Titebond III would be my second choice.


----------



## warnerrichardson (Jan 26, 2014)

Hey! Thanks for the response! I was beginning to think I had posted this in the wrong place. Does gorilla glue expand as it dries?


----------



## Danpaddles (Jan 26, 2012)

Just glue- maybe, but … maybe not. How about shooting some galvanized brads to hold things in place? Plus Gorilla glue of course. Wear gloves. Did anyone mention gloves? Sorry….. smart ass tonight- but really, Gorilla glue plus small nails, might just do it, and that Gorilla glue is nasty stuff. Short shelf life too- buy the smaller bottle.

You did not tell us where this will live- out in the elements 24/7/365? Under a porch roof? and how will you finish it?


----------



## Danpaddles (Jan 26, 2012)

Just glue- maybe, but … maybe not. How about shooting some galvanized brads to hold things in place? Plus Gorilla glue of course. Wear gloves. Did anyone mention gloves? Sorry….. smart ass tonight- but really, Gorilla glue plus small nails, might just do it, and that Gorilla glue is nasty stuff. Short shelf life too- buy the smaller bottle.

You did not tell us where this will live- out in the elements 24/7/365? Under a porch roof? and how will you finish it?

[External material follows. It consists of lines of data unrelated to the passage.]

(* Let $\mathfrak R$ be either a cubical iterated graph system $\mathfrak R\subseteq\mathfrak R(d_*,L_*,s_* )$ (with $L_*$ its parameter), or the Sierpiński gasket or pentagonal Sierpiński carpet iterated graph system (with $L_*:=2$), and let $G_m$ be its replacement graphs. Then for all types $t$ of $\mathfrak R$ and all $m\in\mathbb N$, \[ d_{G_m}\!\left(I_{t,-}^{(m)},I_{t,+}^{(m)}\right)\ge\frac12\cdot L_*^m, \] where $I_{t,\star}^{(m)}:=(I_{t,\star})^m\subseteq W_m$ and $d_{G_m}(A,B)=\min\{d_{G_m}(a,b):a\in A,b\in B\}$.
   Context: Graphs: $(V,E)$, $V$ finite non-empty, $E\subseteq V\times V$, $(x,y)\in E\Rightarrow(y,x)\notin E$; $d_G$ is the shortest-path metric in the underlying undirected graph. An iterated graph system (IGS) $\mathfrak R$ consists of a connected graph $G_1=(S,E)$, a finite set $\mathcal T$ of types, a surjective typing $\mathfrak t:E\to\mathcal T$ and non-empty gluing rules $I_t\subseteq S\times S$; $I_{t,+}=\{w:(w,v)\in I_t\text{ for some }v\}$ and $I_{t,-}=\{v:(w,v)\in I_t\text{ for some }w\}$. With $W_m=S^m$, $[w]_k=w_1\cdots w_k$, the replacement graphs $G_m=(W_m,E_m)$ are defined recursively: $(w,v)\in E_{m+1}$ iff either (1) $[w]_m=[v]_m$ and $(w_{m+1},v_{m+1})\in E$ (type $\mathfrak t(w_{m+1},v_{m+1})$), or (2) $([w]_m,[v]_m)\in E_m$ and $(w_{m+1},v_{m+1})\in I_{\mathfrak t([w]_m,[v]_m)}$ (type $\mathfrak t([w]_m,[v]_m)$). Mapping of IGS $\varphi:\mathfrak R\to\mathfrak R'$: graph mapping $G_1\to G_1'$ (edges to edges or collapsed) with (i) if $\varphi(w_1)=\varphi(v_1)$ for an edge $\{w_1,v_1\}$ of type $t$ then $\varphi(w_2)=\varphi(v_2)$ for all $(w_2,v_2)\in I_t$; (ii) if $(w_1,v_1)\in E$ has type $t$ and $(\varphi(w_1),\varphi(v_1))\in E'$ has type $t'$ then $(\varphi(w_2),\varphi(v_2))\in I'_{t'}$ for all $(w_2,v_2)\in I_t$; (iii) if $(w_1,v_1)\in E$ has type $t$ and $(\varphi(v_1),\varphi(w_1))\in E'$ has type $t'$ then $(\varphi(v_2),\varphi(w_2))\in I'_{t'}$ for all $(w_2,v_2)\in I_t$. Isomorphism of IGS: graph isomorphism with it and its inverse mappings of IGS; sub-system: $S\subseteq S'$, same types, inclusion a mapping of IGS. Cubical IGS: for integers $d_*\ge1,s_*\ge1,L_*\ge3$, $\mathfrak R(d_*,L_*,s_* )$ has symbols $\{1,\dots,L_*\}^{d_*}\times\{\underline1,\dots,\underline{s_*}\}$ with coordinates $c_i$ and sheet $s$; types $t_1,\dots,t_{d_*}$; $(w,v)$ is an edge of type $t_j$ iff $c_i(v)=c_i(w)$ ($i\ne j$), $c_j(v)=c_j(w)+1$; $(w,v)\in I_{t_j}$ iff $c_i(w)=c_i(v)$ ($i\ne j$), $(c_j(w),c_j(v))=(L_*,1)$, $s(w)=s(v)$. Sheet- and other-coordinate-preserving maps: $\eta_j:c_j\mapsto L_*+1-c_j$; $\alpha^+_{j,k}$ ($j\ne k$) swaps $c_j,c_k$; $\alpha^-_{j,k}$: $c_k\mapsto L_*+1-c_j$, $c_j\mapsto L_*+1-c_k$; $\mathcal G$ the set of these. A cubical IGS is a sub-system $\mathfrak R\subseteq\mathfrak R(d_*,L_*,s_* )$ with (C1) for each $j$, every symbol with $c_i\in\{1,L_*\}$ for all $i\ne j$ and sheet $\underline1$ (condition $(\ast_j)$) is in $S(\mathfrak R)$; (C2) if $w,v$ satisfy $(\ast_j)$, agree off coordinate $j$, and $c_j(v)=c_j(w)+1$, then $(w,v)\in E(\mathfrak R)$; (C3) if $w,v$ satisfy $(\ast_j)$, agree off coordinate $j$, and $(c_j(w),c_j(v))=(L_*,1)$, then $(w,v)\in I_{t_j}(\mathfrak R)$; (C4) each $\alpha\in\mathcal G$ restricts to an isomorphism of IGS $\mathfrak R\to\mathfrak R$. Sierpiński gasket: $S=\{0,1,2\}$, $E=\{(0,1),(1,2),(0,2)\}$ of types $a,b,c$, $I_a=\{(1,0)\}$, $I_b=\{(2,1)\}$, $I_c=\{(2,0)\}$. Pentagonal Sierpiński carpet: $S=\{0,\dots,4\}$, $E=\{(0,1),(1,2),(2,3),(3,4),(4,0)\}$ of types $a,b,c,d,e$, $I_a=\{(1,0),(2,4)\}$, $I_b=\{(2,1),(3,0)\}$, $I_c=\{(3,2),(4,1)\}$, $I_d=\{(4,3),(0,2)\}$, $I_e=\{(0,4),(1,3)\}$. *)

From mathcomp Require Import all_boot.
Set Implicit Arguments.
Unset Strict Implicit.
Unset Printing Implicit Defensive.

(* Iterated graph systems.  An IGS lives on an ambient finite type A   *)
(* of "potential symbols"; its actual symbol set is [sym R] : {set A}. *)
(* Types form a finite type T.  [edge] is the edge relation E of G_1,  *)
(* [typ] the typing (only its values on edges matter), [glue t] = I_t. *)
Record igs (A T : finType) := IGS {
  sym  : {set A};
  edge : rel A;
  typ  : A -> A -> T;
  glue : T -> rel A
}.

Section IGS.
Variables (A T : finType).
Implicit Types R : igs A T.

Definition uadj1 R : rel A :=
  fun x y => [&& x \in sym R, y \in sym R & (edge R x y || edge R y x)].

Definition is_igs R : Prop :=
  [/\ sym R != set0,
      (forall x y, edge R x y -> (x \in sym R) && (y \in sym R)) /\
      (forall t x y, glue R t x y -> (x \in sym R) && (y \in sym R)) /\
      (forall x y, edge R x y -> ~~ edge R y x),
      (forall x y, x \in sym R -> y \in sym R -> connect (uadj1 R) x y),
      (forall t : T, exists w v, edge R w v /\ typ R w v = t) &
      (forall t : T, exists w v, glue R t w v)].

(* type of the edge (w,v) of G_m (None if not an edge), on REVERSED
   words: the head of the list is the last letter w_m. *)
Fixpoint rtype R (w v : seq A) : option T :=
  match w, v with
  | a :: w', b :: v' =>
      if w' == v' then (if edge R a b then Some (typ R a b) else None)
      else match rtype R w' v' with
           | Some t => if glue R t a b then Some t else None
           | None => None
           end
  | _, _ => None
  end.

(* words w = w_1 ... w_m are lists [:: w_1; ...; w_m] *)
Definition Wm R (m : nat) : pred (seq A) :=
  fun w => (size w == m) && all (fun x => x \in sym R) w.

(* (w,v) is an edge of G_m (the size m is checked by Wm) *)
Definition Gedge R : rel (seq A) := fun w v => rtype R (rev w) (rev v) != None.

Definition Gadj R (m : nat) : rel (seq A) :=
  fun w v => [&& w \in Wm R m, v \in Wm R m & (Gedge R w v || Gedge R v w)].

Definition Iplus R (t : T) : pred A := fun w => [exists v, glue R t w v].
Definition Iminus R (t : T) : pred A := fun v => [exists w, glue R t w v].

Definition Ipow (P : pred A) (m : nat) : pred (seq A) :=
  fun w => (size w == m) && all P w.

(* d_{G_m}(I_{t,-}^{(m)}, I_{t,+}^{(m)}) >= L^m / 2, i.e. every path in
   the underlying undirected graph of G_m from a point of I_{t,-}^{(m)}
   to a point of I_{t,+}^{(m)} has length n with 2 n >= L^m. *)
Definition dist_bound R (L : nat) : Prop :=
  forall (t : T) (m : nat), 1 <= m ->
  forall (a b : seq A) (p : seq (seq A)),
    a \in Ipow (Iminus R t) m -> b \in Ipow (Iplus R t) m ->
    path (Gadj R m) a p -> last a p = b ->
    L ^ m <= 2 * size p.

End IGS.

Definition igs_map (A T A' T' : finType) (R : igs A T) (R' : igs A' T')
    (f : A -> A') : Prop :=
  [/\ {in sym R, forall x, f x \in sym R'},
      (forall w v, edge R w v ->
         f w = f v \/ edge R' (f w) (f v) \/ edge R' (f v) (f w)),
      (forall w1 v1, edge R w1 v1 -> f w1 = f v1 ->
         forall w2 v2, glue R (typ R w1 v1) w2 v2 -> f w2 = f v2),
      (forall w1 v1, edge R w1 v1 -> edge R' (f w1) (f v1) ->
         forall w2 v2, glue R (typ R w1 v1) w2 v2 ->
           glue R' (typ R' (f w1) (f v1)) (f w2) (f v2)) &
      (forall w1 v1, edge R w1 v1 -> edge R' (f v1) (f w1) ->
         forall w2 v2, glue R (typ R w1 v1) w2 v2 ->
           glue R' (typ R' (f v1) (f w1)) (f v2) (f w2))].

Definition igs_iso (A T A' T' : finType) (R : igs A T) (R' : igs A' T')
    (f : A -> A') : Prop :=
  exists g : A' -> A,
    [/\ {in sym R, forall x, f x \in sym R'} /\
        {in sym R', forall y, g y \in sym R},
        {in sym R, forall x, g (f x) = x} /\
        {in sym R', forall y, f (g y) = y},
        {in sym R &, forall x y, uadj1 R' (f x) (f y) = uadj1 R x y},
        igs_map R R' f & igs_map R' R g].

Definition subsystem (A T : finType) (R R' : igs A T) : Prop :=
  sym R \subset sym R' /\ igs_map R R' id.

(* Cubical IGS R(d_star, L_star, s_star).  Convention: d_star = d.+1, s_star = s.+1   *)
(* (so d_star >= 1, s_star >= 1 automatically); coordinates 1..L_star are      *)
(* represented by 'I_L (value k stands for k+1), sheets 1..s_star by      *)
(* 'I_s.+1 (sheet \underline 1 is value 0).  Type t_j is j : 'I_d.+1.  *)
Section Cube.
Variables (d L s : nat).
(* For any two local decompositions $\Gamma_1,\Gamma_2$ (on the same bipartite system), $\phi(\Gamma_1\cdot\Gamma_2)\le\phi(\Gamma_1)\phi(\Gamma_2)$.
   Context: A local decomposition is a finite set $\Gamma=\{(c_i,V_i\otimes W_i):i\in[m]\}$ with $c_i\in\mathbb{R}$, $V_i\in\mathsf{U}(\mathcal{H}_A)$, $W_i\in\mathsf{U}(\mathcal{H}_B)$. Its magnitude is $\phi(\Gamma)=2\|c\|_1^2-\|c\|_2^2$, viewing $c=(c_i)_{i\in[m]}\in\mathbb{R}^m$. The product of $\Gamma_1=\{(a_i,V^{(1)}_i\otimes W^{(1)}_i):i\in[m_1]\}$ and $\Gamma_2=\{(b_j,V^{(2)}_j\otimes W^{(2)}_j):j\in[m_2]\}$ is $\Gamma_1\cdot\Gamma_2=\{(a_ib_j,V^{(1)}_iV^{(2)}_j\otimes W^{(1)}_iW^{(2)}_j):(i,j)\in[m_1]\times[m_2]\}$, with coefficient vector $(a_ib_j)_{(i,j)}$. *)

From HB Require Import structures.
From mathcomp Require Import all_boot all_order all_algebra.
From mathcomp Require Import complex.
Set Implicit Arguments. Unset Strict Implicit. Unset Printing Implicit Defensive.
Import Order.TTheory GRing.Theory Num.Theory.
Local Open Scope ring_scope.

(* Finite-dimensional Hilbert spaces H_A = C^dA, H_B = C^dB, with C = R[i]
   for a real closed field R (e.g. the reals). *)

Definition adjmx (R : rcfType) (n : nat) (U : 'M[R[i]]_n) : 'M[R[i]]_n :=
  (map_mx (fun z : R[i] => (z^*)%C) U)^T.

Definition unitary (R : rcfType) (n : nat) (U : 'M[R[i]]_n) : Prop :=
  U *m adjmx U = 1%:M /\ adjmx U *m U = 1%:M.

(* A local decomposition {(c_i, V_i ⊗ W_i) : i in I}, indexed by a finite
   type I; the tensor V_i ⊗ W_i is recorded by its two factors. *)
Record local_decomp (R : rcfType) (dA dB : nat) := LocalDecomp {
  ld_idx : finType;
  ld_c : ld_idx -> R;
  ld_V : ld_idx -> 'M[R[i]]_dA;
  ld_W : ld_idx -> 'M[R[i]]_dB;
  ld_V_unitary : forall i, unitary (ld_V i);
  ld_W_unitary : forall i, unitary (ld_W i)
}.
Arguments ld_idx {R dA dB} _.
Arguments ld_c {R dA dB} _ _.
Arguments ld_V {R dA dB} _ _.
Arguments ld_W {R dA dB} _ _.
Arguments ld_V_unitary {R dA dB} _ _.
Arguments ld_W_unitary {R dA dB} _ _.

Definition magnitude (R : rcfType) (dA dB : nat) (G : local_decomp R dA dB) : R :=
  2 * (\sum_(i : ld_idx G) `|ld_c G i|) ^+ 2 - \sum_(i : ld_idx G) ld_c G i ^+ 2.

Lemma unitary_mul (R : rcfType) (n : nat) (U V : 'M[R[i]]_n) :
  unitary U -> unitary V -> unitary (U *m V).
Proof.
have adjM : forall (X Y : 'M[R[i]]_n), adjmx (X *m Y) = adjmx Y *m adjmx X.
  by move=> X Y; rewrite /adjmx map_mxM trmx_mul.
move=> [U1 U2] [V1 V2]; rewrite /unitary adjM; split.
  by rewrite mulmxA -(mulmxA U) V1 mulmx1 U1.
by rewrite mulmxA -(mulmxA (adjmx V)) U2 mulmx1 V2.
Qed.

Definition ld_prod (R : rcfType) (dA dB : nat) (G1 G2 : local_decomp R dA dB)
  : local_decomp R dA dB :=
  @LocalDecomp R dA dB (ld_idx G1 * ld_idx G2)%type
    (fun p => ld_c G1 p.1 * ld_c G2 p.2)
    (fun p => ld_V G1 p.1 *m ld_V G2 p.2)
    (fun p => ld_W G1 p.1 *m ld_W G2 p.2)
    (fun p => unitary_mul (ld_V_unitary G1 p.1) (ld_V_unitary G2 p.2))
    (fun p => unitary_mul (ld_W_unitary G1 p.1) (ld_W_unitary G2 p.2)).

From HB Require Import structures.
From mathcomp Require Import all_boot all_order all_algebra.
From mathcomp Require Import complex ring.
Import Order.TTheory GRing.Theory Num.Theory.
Local Open Scope ring_scope.

(* The l1- and l2-norms of the coefficient vector are multiplicative under
   the product of decompositions, since (a_i b_j) is the tensor product of
   a and b.  Writing A1, A2, B1, B2 for the squared l1-norms and the squared
   l2-norms of the two coefficient vectors,
     phi(G1) phi(G2) - phi(G1 . G2) = 2 (A1 - A2) (B1 - B2),
   which is nonnegative because an l2-norm never exceeds the l1-norm. *)

Lemma sum_pair_mul (R : comPzSemiRingType) (I J : finType) (F : I -> R) (G : J -> R) :
  \sum_(p : I * J) F p.1 * G p.2 = (\sum_i F i) * (\sum_j G j).
Proof. by rewrite big_distrlr pair_bigA. Qed.

Lemma sum_sqr_le_sqr_sum_norm (R : realDomainType) (I : finType) (c : I -> R) :
  \sum_i c i ^+ 2 <= (\sum_i `|c i|) ^+ 2.
Proof.
rewrite expr2 mulr_suml; apply: ler_sum => i _.
rewrite -real_normK ?num_real // expr2 ler_wpM2l //.
by rewrite (bigD1 i) //= lerDl sumr_ge0.
Qed.

Lemma magnitude_mul_le (R : realDomainType) (a1 a2 b1 b2 : R) :
  a2 <= a1 ^+ 2 -> b2 <= b1 ^+ 2 ->
  2 * (a1 * b1) ^+ 2 - a2 * b2 <= (2 * a1 ^+ 2 - a2) * (2 * b1 ^+ 2 - b2).
Proof.
move=> le_a le_b; rewrite -subr_ge0.
have -> : (2 * a1 ^+ 2 - a2) * (2 * b1 ^+ 2 - b2) - (2 * (a1 * b1) ^+ 2 - a2 * b2)
    = 2 * ((a1 ^+ 2 - a2) * (b1 ^+ 2 - b2)) by ring.
by rewrite mulr_ge0 // mulr_ge0 // subr_ge0.
Qed.

Theorem lemma2 (R : rcfType) (dA dB : nat) (G1 G2 : local_decomp R dA dB) :
  magnitude (ld_prod G1 G2) <= magnitude G1 * magnitude G2.
Proof.
rewrite /magnitude /=.
under eq_bigr do rewrite normrM.
under [X in _ - X]eq_bigr do rewrite exprMn.
(* The index type [ld_idx (ld_prod G1 G2)] is only convertible to a product,
   so the instances must be given for the rewrites to match. *)
rewrite (@sum_pair_mul _ _ _ (fun i => `|ld_c G1 i|) (fun j => `|ld_c G2 j|)).
rewrite (@sum_pair_mul _ _ _ (fun i => ld_c G1 i ^+ 2) (fun j => ld_c G2 j ^+ 2)).
by apply: magnitude_mul_le; apply: sum_sqr_le_sqr_sum_norm.
Qed.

Yes, Gorilla glue wants to push against your wood, it tries to foam up. Your job is to prevent that with clamps. and gloves. Did we mention gloves?


----------



## warnerrichardson (Jan 26, 2014)

I may use brads Dan but I'd rather not have even something that small showing. The swing will probably be under a porch roof most of its life. I'm planning on finishing some of it with polyurethane varnish and the rest with water-borne varnish. The thing that concerns me most about just using glue is temperature change. The swing will sit outside when it is over 100 and humid to below 0 here in Kansas. If I just use glue and this cedar moves a lot is it likely to work loose over time?


----------



## warnerrichardson (Jan 26, 2014)

And I will DEFINITELY use gloves.


----------



## TedW (May 6, 2012)

If the slats are running perpendicular to the grain of whatever they're attached to, I do believe the glue will work loose over time. That's a lot of swelling and shrinking in opposing directions. I don't know this from experience… just saying what makes sense to me. I know it's not what you want, but I would use screws, countersunk and capped. No gloves required.


----------



## Danpaddles (Jan 26, 2012)

Well, what did you decide on?


----------